Don't forget Khmer desserts - Pong Aime (sweets). These are avaliable from stalls in most Khmer towns and can be excellent. Choose from a variety of sweetmeats and have them served with ice, condensed milk and sugar water.
There is also a wide variety of fresh fruit available from markets. The prices vary according to which fruit is in season but mangoes (around Khmer New Year, with up to 9 varieties on sale) and mangosteen (May/June) are both superb.
Other popular Khmer foods which are less palatable to westerners include pregnant eggs (duck eggs with the embryo still inside), Prahoc (a fermented fish paste) and almost every variety of creepy or crawly animal (spiders, crickets, water beetles) as well as barbequed rats, frogs, bats and small birds.
Drink
-
The two domestic Cambodian beers are Anchor and Angkor. In Phnom Penh and Siem Reap, discerning drinkers choose Beer Lao, which not surprisingly is from Laos. Beer Lao is very good but not available in the provinces away from the Laos border. A plethora of other beers include ABC Stout, which is dark and not so bad, but many beers are vile (Crown, Leo etc.) and only drunk by the locals.
- Palm wine and rice wine are available in villages and can be OK at 500-1000 riel for 1 litre bottle. However, some safety concerns have been raised with regard to sanitation, so the local wines may be best avoided. Bottled water is readily available at 500 riel for a cheap 1L bottle, or double that for a screw-cap. In Phnom Pehn tap water is theoretically clean (see below), though most travellers still buy bottles.
- Tuc a lok - served in every district and provincial town - is a fruit shake and delicious.
Sleep
Western-style accommodation is generally only available in the big tourist hotspots of Phnom Penh, Siem Reap and (to a lesser extent) Sihanoukville. Basic guesthouses can go as low as $2/night in the countryside but prices in the cities are usually in the $5-10 range. At the budget end, expect to provide your own towels etc. If you want aircon and hot water, the price creeps up to close to $20, and you can easily pay over $100/night if you want to stay in a branded five-star hotel.
Learn
Cambodia has less opportunities for language and cultural studies for the short-term traveller, though there are many language schools and private teachers advertising for those who are hanging around a bit longer. There are also meditation groups which meet at some of the Buddhist Pagodas in Phnom Penh.
Work
There are many opportunities for volunteer work. Those in Phnom Penh include teaching English, health education, working with the homeless, and other development projects.
Stay safe
Cambodia is a safe and friendly country, with the usual exception for large cities late at night, particularly Phnom Penh, and unobserved luggage or wallets. Bag snatching, even from those on bicycles and motorcycles, is a problem in Phnom Penh. Be discreet with your possessions, especially cash and cameras, and as always, take extra care in all poorly lit or more remote areas.

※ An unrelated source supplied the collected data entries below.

Lemma continuous_bounded_measurable h f : continuous f -> bounded_measurable h f.
Proof.
move=> cf; split; first by apply: measurable_funTS; exact: continuous_measurable_fun.
have /compact_bounded[M [_ fM]] :=
  continuous_compact (continuous_subspaceT cf) (@segment_compact R 0 h).
exists (`|M| + 1) => x x0h; apply: fM; last by exists x => //; rewrite /= in_itv.
by rewrite (le_lt_trans (ler_norm M)) // ltrDl.
Qed.

Lemma horner_bounded_measurable h (q : {poly R}) : bounded_measurable h (horner q).
Proof. exact/continuous_bounded_measurable/continuous_horner. Qed.

Lemma sqr_integrable_integrable h f : measurable_fun `[0, h] f ->
  integrable_on h (fun x => f x ^+ 2) -> integrable_on h f.
Proof.
move=> mf f2_int.
have f2_int1 : integrable_on h (fun x => 1 + f x ^+ 2).
  apply: integrable_onD f2_int; apply: bounded_measurable_integrable.
  exact/continuous_bounded_measurable/cst_continuous.
apply: le_integrable f2_int1 => //; first exact/measurable_EFinP.
move=> x _; rewrite /= lee_fin [leRHS]ger0_norm ?addr_ge0 ?sqr_ge0 //.
by rewrite -[f x ^+ 2](real_normK (num_real (f x))); have := normr_ge0 (f x); nra.
Qed.

End IntervalIntegrability.

Section VectorFields.
Variable R : realType.
Local Notation mu := (@lebesgue_measure R).
Implicit Types (h : R) (a b c : R -> vec R).

Definition vintegrable h a := forall i, integrable_on h (fun x => a x i ord0).
Definition vbounded h a := forall i, bounded_measurable h (fun x => a x i ord0).

Lemma vbounded_vintegrable h a : vbounded h a -> vintegrable h a.
Proof. by move=> a_bnd i; apply: bounded_measurable_integrable. Qed.

Lemma L2_vintegrable h a : L2 h a -> vintegrable h a.
Proof. by move=> a_L2 i; have [ma a2_int] := a_L2 i; exact: sqr_integrable_integrable. Qed.

Lemma vintegrable_cross h (d : vec R) a :
  vintegrable h a -> vintegrable h (fun x => cross d (a x)).
Proof.
move=> a_int i; under eq_fun do rewrite mxE.
by case: (i == 0 :> nat); [|case: (i == 1 :> nat)]; apply: integrable_onB; apply: integrable_onZ.
Qed.

Lemma vintegrable_mulmx h (M : R -> 'M[R]_3) a :
  (forall i j, bounded_measurable h (fun x => M x i j)) -> vintegrable h a ->
  vintegrable h (fun x => M x *m a x).
Proof.
move=> M_bnd a_int i; under eq_fun do rewrite mxE.
by apply: integrable_on_sum => j; apply: integrable_onMl.
Qed.

Lemma integrable_on_dot h a b :
  vintegrable h a -> vbounded h b -> integrable_on h (fun x => dot (a x) (b x)).
Proof. by move=> a_int b_bnd; apply: integrable_on_sum => i; apply: integrable_onMr. Qed.

Lemma dotBl (a b c : vec R) : dot (a - b) c = dot a c - dot b c.
Proof. by rewrite /dot -sumrB; apply: eq_bigr => i _; rewrite !mxE mulrBl. Qed.

Lemma dot0l (c : vec R) : dot 0 c = 0.
Proof. by rewrite /dot big1 // => i _; rewrite mxE mul0r. Qed.

Lemma crossBr (d a b : vec R) : cross d (a - b) = cross d a - cross d b.
Proof.
by apply/matrixP => i j; rewrite !mxE; case: ifP => _; [|case: ifP => _]; rewrite ?mxE; ring.
Qed.

Lemma ipBl h a b c : vintegrable h a -> vintegrable h b -> vbounded h c ->
  ip h (fun x => a x - b x) c = ip h a c - ip h b c.
Proof.
move=> a_int b_int c_bnd; rewrite /ip -(@RintegralB _ _ _ mu) //.
- by apply: eq_Rintegral => x _; rewrite dotBl.
- exact: integrable_on_dot.
- exact: integrable_on_dot.
Qed.

Lemma Rintegral_on_sum h (I : Type) (s : seq I) (F : I -> R -> R) :
  (forall i, integrable_on h (F i)) ->
  \int[mu]_(x in `[0, h]) (\sum_(i <- s) F i x) = \sum_(i <- s) \int[mu]_(x in `[0, h]) F i x.
Proof.
move=> F_int; elim: s => [|i s IHs].
  under eq_Rintegral do rewrite big_nil.
  by rewrite big_nil Rintegral_cst ?mul0r //; exact: measurable_itv.
under eq_Rintegral do rewrite big_cons.
rewrite big_cons -IHs (@RintegralD _ _ _ mu) //; first exact: F_int.
exact: (integrable_on_sum s F_int).
Qed.

Lemma ip_componentwise h a b :
  (forall i, integrable_on h (fun x => a x i ord0 * b x i ord0)) ->
  ip h a b = \sum_(i < 3) \int[mu]_(x in `[0, h]) (a x i ord0 * b x i ord0).
Proof. by move=> ab_int; rewrite /ip /dot Rintegral_on_sum. Qed.

End VectorFields.

Section PolynomialFields.
Variable R : realType.
Local Notation mu := (@lebesgue_measure R).
Implicit Types (h : R) (P Q : vpoly R).

Lemma veval_vbounded h P : vbounded h (veval P).
Proof.
move=> i; rewrite (_ : (fun x => _) = horner (P i ord0)).
  exact: horner_bounded_measurable.
by apply/funext => x; rewrite mxE.
Qed.

Lemma veval_vintegrable h P : vintegrable h (veval P).
Proof. exact/vbounded_vintegrable/veval_vbounded. Qed.

Lemma veval_L2 h P : L2 h (veval P).
Proof.
move=> i; have [mP _] := veval_vbounded h P i; split => //.
apply: bounded_measurable_integrable.
rewrite (_ : (fun x => _) = horner (P i ord0 ^+ 2)).
  exact: horner_bounded_measurable.
by apply/funext => x; rewrite mxE horner_exp.
Qed.

Lemma Rintegral_deriv_poly (q : {poly R}) (a b : R) : a <= b ->
  \int[mu]_(x in `[a, b]) (q^`()).[x] = q.[b] - q.[a].
Proof.
rewrite le_eqVlt => /orP[/eqP <-|ab]; first by rewrite set_itv1 Rintegral_set1 subrr.
rewrite /Rintegral (@continuous_FTC2 R (horner q^`()) (horner q) a b ab) //.
- exact/continuous_subspaceT/continuous_horner.
- split; first by move=> x _; exact: derivable_horner.
  + exact/cvg_at_right_filter/continuous_horner.
  + exact/cvg_at_left_filter/continuous_horner.
- by move=> x _; rewrite -derivE.
Qed.

Lemma veval_H1 h P : H1 h (veval P) (veval (vderiv P)).
Proof.
split; first exact: veval_L2.
split; first exact: veval_L2.
move=> x /andP[x0 _]; apply/matrixP => i j; rewrite !mxE.
under eq_Rintegral do rewrite !mxE.
by rewrite Rintegral_deriv_poly // addrC subrK.
Qed.

Lemma vevalB P Q : veval (P - Q) = (fun x => veval P x - veval Q x).
Proof. by apply/funext => x; apply/matrixP => i j; rewrite !mxE hornerD hornerN. Qed.

Lemma vderivB P Q : vderiv (P - Q) = vderiv P - vderiv Q.
Proof. by apply/matrixP => i j; rewrite !mxE derivB. Qed.

Lemma polyle_vderiv p P : polyle p.+1 P -> polyle p (vderiv P).
Proof.
move=> sP i; rewrite mxE; have [->|nzP] := eqVneq (P i ord0) 0.
  by rewrite deriv0 size_poly0.
by rewrite -ltnS (leq_trans (lt_size_deriv nzP)).
Qed.

End PolynomialFields.

Section CoerciveMatrix.
Variables (R : realType) (alpha : R) (C : 'M[R]_3).
Hypotheses (alpha_gt0 : 0 < alpha) (C_sym : C^T = C)
  (C_coercive : forall xi : vec R, alpha * dot xi xi <= dot (C *m xi) xi).

Lemma sqr_le_dot_self (y : vec R) k : y k ord0 ^+ 2 <= dot y y.
Proof.
rewrite /dot (bigD1 k) //= expr2 lerDl.
by apply: sumr_ge0 => i _; rewrite -expr2 sqr_ge0.
Qed.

Cambodia suffers from a legacy of millions of land mines left during the war years. For the average tourist, mines are not really an issue, as areas like Siem Reap and Angkor Wat were never mined in the first place and any sites on the tourist track that were have long since been thoroughly demined. However, travel beyond well established paths is still not recommended. In border areas such as Preah Vihear, exercise caution and heed warning signs, and do not venture beyond well established roads and paths.
Stay healthy
Most medical services in Cambodia are an absolute joke, and the rest are few and far between and very expensive. Should you become seriously ill or injured while in Cambodia, evacuation to Thailand or Singapore will be the most likely result. Because this can be incredibly costly, adequate insurance coverage is an absolute must while in Cambodia.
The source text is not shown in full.